### TASK INSTRUCTIONS
Copy out each line from the start of the material below until the line with "by (intros u;", that line included.
□ □ □ □
(* Functionals x ↦ Σ_{u∈A} g_u x_u with 0 ≤ g ≤ 1 are 1-Lipschitz for d_σ
   on each simplex σ: recentre g at 1/2, using that a and b have equal mass. *)
Lemma step_functional A g s a b : NoDup A -> NoDup s -> inX K a -> inX K b ->
  supported a s -> supported b s -> (forall u, 0 <= g u <= 1) ->
  Rabs (sumL A (fun u => g u * a u) - sumL A (fun u => g u * b u)) <= dsig s a b.
Proof.
  intros NA Ns Ha Hb Sa Sb Hg.
  set (th := fun u => if excluded_middle_informative (In u A) then g u else 0).
  assert (Hth : forall u, 0 <= th u <= 1)
    by (intros u; unfold th; destruct excluded_middle_informative; [apply Hg | lra]).
  assert (E : sumL A (fun u => g u * a u) - sumL A (fun u => g u * b u)
              = sumL s (fun u => th u * (a u - b u))).
  { rewrite <- sumL_minus. transitivity (sumL A (fun u => th u * (a u - b u))).
    - apply sumL_ext; intros u Hu. unfold th.
      destruct excluded_middle_informative; [ring | contradiction].
    - apply sumL_cover; [exact NA | exact Ns |]. intros u Hu. split.
      + unfold th in Hu. destruct excluded_middle_informative; [assumption | lra].
      + destruct (Req_dec (a u) 0) as [Ea|Ea]; [|apply Sa, Ea].
        destruct (Req_dec (b u) 0) as [Eb|Eb]; [|apply Sb, Eb].
        rewrite Ea, Eb in Hu; lra. }
  assert (Hmass : sumL s (fun u => a u - b u) = 0)
    by (rewrite sumL_minus, (inX_sum K a s), (inX_sum K b s); auto; ring).
  assert (Ecentre : sumL s (fun u => th u * (a u - b u))
                    = sumL s (fun u => (th u - /2) * (a u - b u))).
  { transitivity (sumL s (fun u => th u * (a u - b u) - /2 * (a u - b u))).
    - rewrite sumL_minus, sumL_scal, Hmass; ring.
    - apply sumL_ext; intros; ring. }
  rewrite E, Ecentre. eapply Rle_trans; [apply sumL_abs|].
  unfold dsig. rewrite <- sumL_scal. apply sumL_le; intros u _.
  rewrite Rabs_mult. apply Rmult_le_compat_r; [apply Rabs_pos|].
  specialize (Hth u). apply Rabs_le; lra.
Qed.

Lemma path_functional A g x y L : NoDup A -> (forall u, 0 <= g u <= 1) ->
  pathlen K x y L ->
  Rabs (sumL A (fun u => g u * x u) - sumL A (fun u => g u * y u)) <= L.
Proof.
  intros NA Hg.
  induction 1 as [x Hx | x y z s L Fs Ns Hx Hy Sx Sy _ IH].
  - unfold Rminus; rewrite Rplus_opp_r, Rabs_R0; lra.
  - pose proof (step_functional A g s x y NA Ns Hx Hy Sx Sy Hg) as Hstep.
    pose proof (Rabs_triang (sumL A (fun u => g u * x u) - sumL A (fun u => g u * y u))
                            (sumL A (fun u => g u * y u) - sumL A (fun u => g u * z u))).
    replace (sumL A (fun u => g u * x u) - sumL A (fun u => g u * y u)
             + (sumL A (fun u => g u * y u) - sumL A (fun u => g u * z u)))
      with (sumL A (fun u => g u * x u) - sumL A (fun u => g u * z u)) in * by ring.
    lra.
Qed.

Lemma path_coord x y L w : pathlen K x y L -> Rabs (x w - y w) <= L.
Proof.
  intros HL. pose proof (path_functional [w] (fun _ => 1) x y L) as H.
  rewrite !sumL_cons, !sumL_nil in H.
  replace (x w - y w) with (1 * x w + 0 - (1 * y w + 0)) by ring.
  apply H; [constructor; [intros [] | constructor] | intros; lra | exact HL].
Qed.

Lemma path_disjoint x y L : pathlen K x y L ->
  (forall u, x u <> 0 -> y u = 0) -> 1 <= L.
Proof.
  intros HL Hdisj. destruct (path_ends x y L HL) as [Hx _].
  destruct Hx as (s & Fs & Ns & Sx & Hpos & Hsum).
  set (g := fun u => if excluded_middle_informative (x u <> 0) then 1 else 0).
  pose proof (path_functional s g x y L Ns) as H.
  assert (E1 : sumL s (fun u => g u * x u) = 1).
  { rewrite <- Hsum. apply sumL_ext; intros u _. unfold g.
    destruct excluded_middle_informative as [|Hz]; [ring|].
    destruct (Req_dec (x u) 0) as [E|]; [rewrite E; ring | contradiction]. }
  assert (E0 : sumL s (fun u => g u * y u) = 0).
  { rewrite (sumL_ext s _ (fun _ => 0 * 0)), sumL_scal; [ring|]. intros u _. unfold g.
    destruct excluded_middle_informative as [Hu|]; [rewrite (Hdisj u Hu)|]; ring. }
  rewrite E1, E0, Rminus_0_r, Rabs_R1 in H. apply H; [|exact HL].
  intros u; unfold g; destruct excluded_middle_informative; lra.
Qed.

End Paths.

Section Lipschitz.
Context {V : Type} (K : SimplicialComplex V) (dh : V -> V -> R) (C : R).
Hypothesis Hdh : is_metric_on (fun _ : V => True) dh.
Hypothesis HC : 0 < C.
Hypothesis Hlip : forall u v n, dG_is K u v n -> dh u v <= C * INR n.
Implicit Types (x y a b : V -> R) (s T : list V).

(* Two vertices of a common simplex are at graph distance at most 1, so
   every simplex has d̂-diameter at most C. *)
Lemma face_diam s u v : face K s -> In u s -> In v s -> dh u v <= C.
Proof.
  intros Fs Hu Hv. destruct (classic (u = v)) as [<-|Hne].
  - rewrite (proj2 (proj1 (proj2 Hdh) u u I I) eq_refl); lra.
  - assert (Fuv : face K [u; v]).
    { apply (face_sub K) with s; [exact Fs | | discriminate].
      intros w [<-|[<-|[]]]; assumption. }
    replace C with (C * INR 1) by (simpl; ring). apply Hlip. split.
    + econstructor; [exact Fuv | constructor].
    + intros m Hm. inversion Hm; subst; [contradiction | lia].
Qed.

(* D̂(x,x) ≤ C, as x lives in a single simplex. *)
Lemma Dhat_self_le x : inX K x -> Dhat dh x x <= C.
Proof.
  intros Hx. pose proof Hx as (s & Fs & Ns & Sx & Hpos & Hsum).
  rewrite (Dhat_eq dh s) by assumption. unfold dsum.
  apply Rle_trans with (sumL s (fun u => sumL s (fun v => C * (x u * x v)))).
  - apply sumL_le; intros u Hu; apply sumL_le; intros v Hv.
    rewrite (Rmult_comm C). apply Rmult_le_compat_l;
      [apply Rmult_le_pos; apply Hpos | apply (face_diam s); assumption].
  - rewrite (sumL_ext s _ (fun u => C * x u)), sumL_scal, Hsum; [lra|].
    intros u _. rewrite sumL_scal, sumL_scal, Hsum; ring.
Qed.

Lemma Dhat_rows T s x a : NoDup T -> NoDup s -> incl s T -> supported x T -> supported a s ->
  Dhat dh x a = sumL T (fun u => x u * sumL s (fun v => a v * dh u v)).
Proof.
  intros NT Ns Hs Sx Sa. rewrite (Dhat_eq dh T); [|assumption..|intros u Hu; apply Hs, Sa, Hu].
  unfold dsum. apply sumL_ext; intros u _. rewrite <- sumL_scal.
  transitivity (sumL T (fun v => x u * (a v * dh u v))); [apply sumL_ext; intros; ring|].
  apply sumL_cover; [exact NT | exact Ns |]. intros v Hv.
  assert (Ha : a v <> 0) by (intros E; apply Hv; rewrite E; ring).
  split; [apply Hs|]; apply Sa, Ha.
Qed.

Lemma Dhat_step x s a b : inX K x -> face K s -> NoDup s -> inX K a -> inX K b ->
  supported a s -> supported b s ->
  Dhat dh x b <= Dhat dh x a + 2 * C * dsig s a b.
Proof.
  intros Hx Fs Ns Ha Hb Sa Sb.
  destruct (inX_cover K x s Hx) as (T & NT & Sx & Hs).
  rewrite (Dhat_rows T s x a), (Dhat_rows T s x b) by assumption.
  destruct s as [|v0 s']; [exfalso; exact (face_nonempty K Fs eq_refl)|].
  (* on σ, d̂(u,·) oscillates by at most C around d̂(u,v0) *)
  assert (Hrow : forall u, sumL (v0 :: s') (fun v => b v * dh u v)
      <= sumL (v0 :: s') (fun v => a v * dh u v) + 2 * C * dsig (v0 :: s') a b).
  { intros u. unfold dsig.
    replace (2 * C * (/ 2 * _)) with (C * sumL (v0 :: s') (fun v => Rabs (a v - b v))) by field.
    apply sumL_oscillation with (m := dh u v0).
    - rewrite (inX_sum K a), (inX_sum K b); auto.
    - intros v Hv. eapply Rle_trans; [apply dh_reverse_triangle; exact Hdh|].
      apply (face_diam (v0 :: s')); [exact Fs | exact Hv | apply in_eq]. }
  eapply Rle_trans with (sumL T (fun u => x u * sumL (v0 :: s') (fun v => a v * dh u v)
                                       + x u * (2 * C * dsig (v0 :: s') a b))).
  - apply sumL_le; intros u _. rewrite <- Rmult_plus_distr_l.
    apply Rmult_le_compat_l; [apply (inX_nonneg K x Hx) | apply Hrow].
  - set (e := 2 * C * dsig (v0 :: s') a b).
    rewrite sumL_plus, (sumL_ext T (fun u => x u * e) (fun u => e * x u)) by (intros; ring).
    rewrite sumL_scal, (inX_sum K x T) by assumption. lra.
Qed.

Lemma Dhat_path x a b L : inX K x -> pathlen K a b L ->
  Dhat dh x b <= Dhat dh x a + 2 * C * L.
Proof.
  intros Hx. induction 1 as [a Ha | a y b s L Fs Ns Ha Hy Sa Sy _ IH]; [lra|].
  pose proof (Dhat_step x s a y Hx Fs Ns Ha Hy Sa Sy). lra.
Qed.

End Lipschitz.

Lemma inf_exists (E : R -> Prop) :
  (exists L, E L) -> (forall L, E L -> 0 <= L) -> exists m, is_inf E m.
Proof.
  intros [L0 HL0] Hpos.
  destruct (completeness (fun r => E (- r))) as [l [Hub Hleast]].
  - exists 0. intros r Hr. apply Hpos in Hr. lra.
  - exists (- L0). rewrite Ropp_involutive; exact HL0.
  - exists (- l). split.
    + intros r Hr. assert (- r <= l) by (apply Hub; rewrite Ropp_involutive; exact Hr). lra.
    + intros b Hb. assert (l <= - b) by (apply Hleast; intros r Hr; apply Hb in Hr; lra). lra.
Qed.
□ □ □ □
### EXPECTED ANSWER
(* Functionals x ↦ Σ_{u∈A} g_u x_u with 0 ≤ g ≤ 1 are 1-Lipschitz for d_σ
   on each simplex σ: recentre g at 1/2, using that a and b have equal mass. *)
Lemma step_functional A g s a b : NoDup A -> NoDup s -> inX K a -> inX K b ->
  supported a s -> supported b s -> (forall u, 0 <= g u <= 1) ->
  Rabs (sumL A (fun u => g u * a u) - sumL A (fun u => g u * b u)) <= dsig s a b.
Proof.
  intros NA Ns Ha Hb Sa Sb Hg.
  set (th := fun u => if excluded_middle_informative (In u A) then g u else 0).
  assert (Hth : forall u, 0 <= th u <= 1)
    by (intros u; unfold th; destruct excluded_middle_informative; [apply Hg | lra]).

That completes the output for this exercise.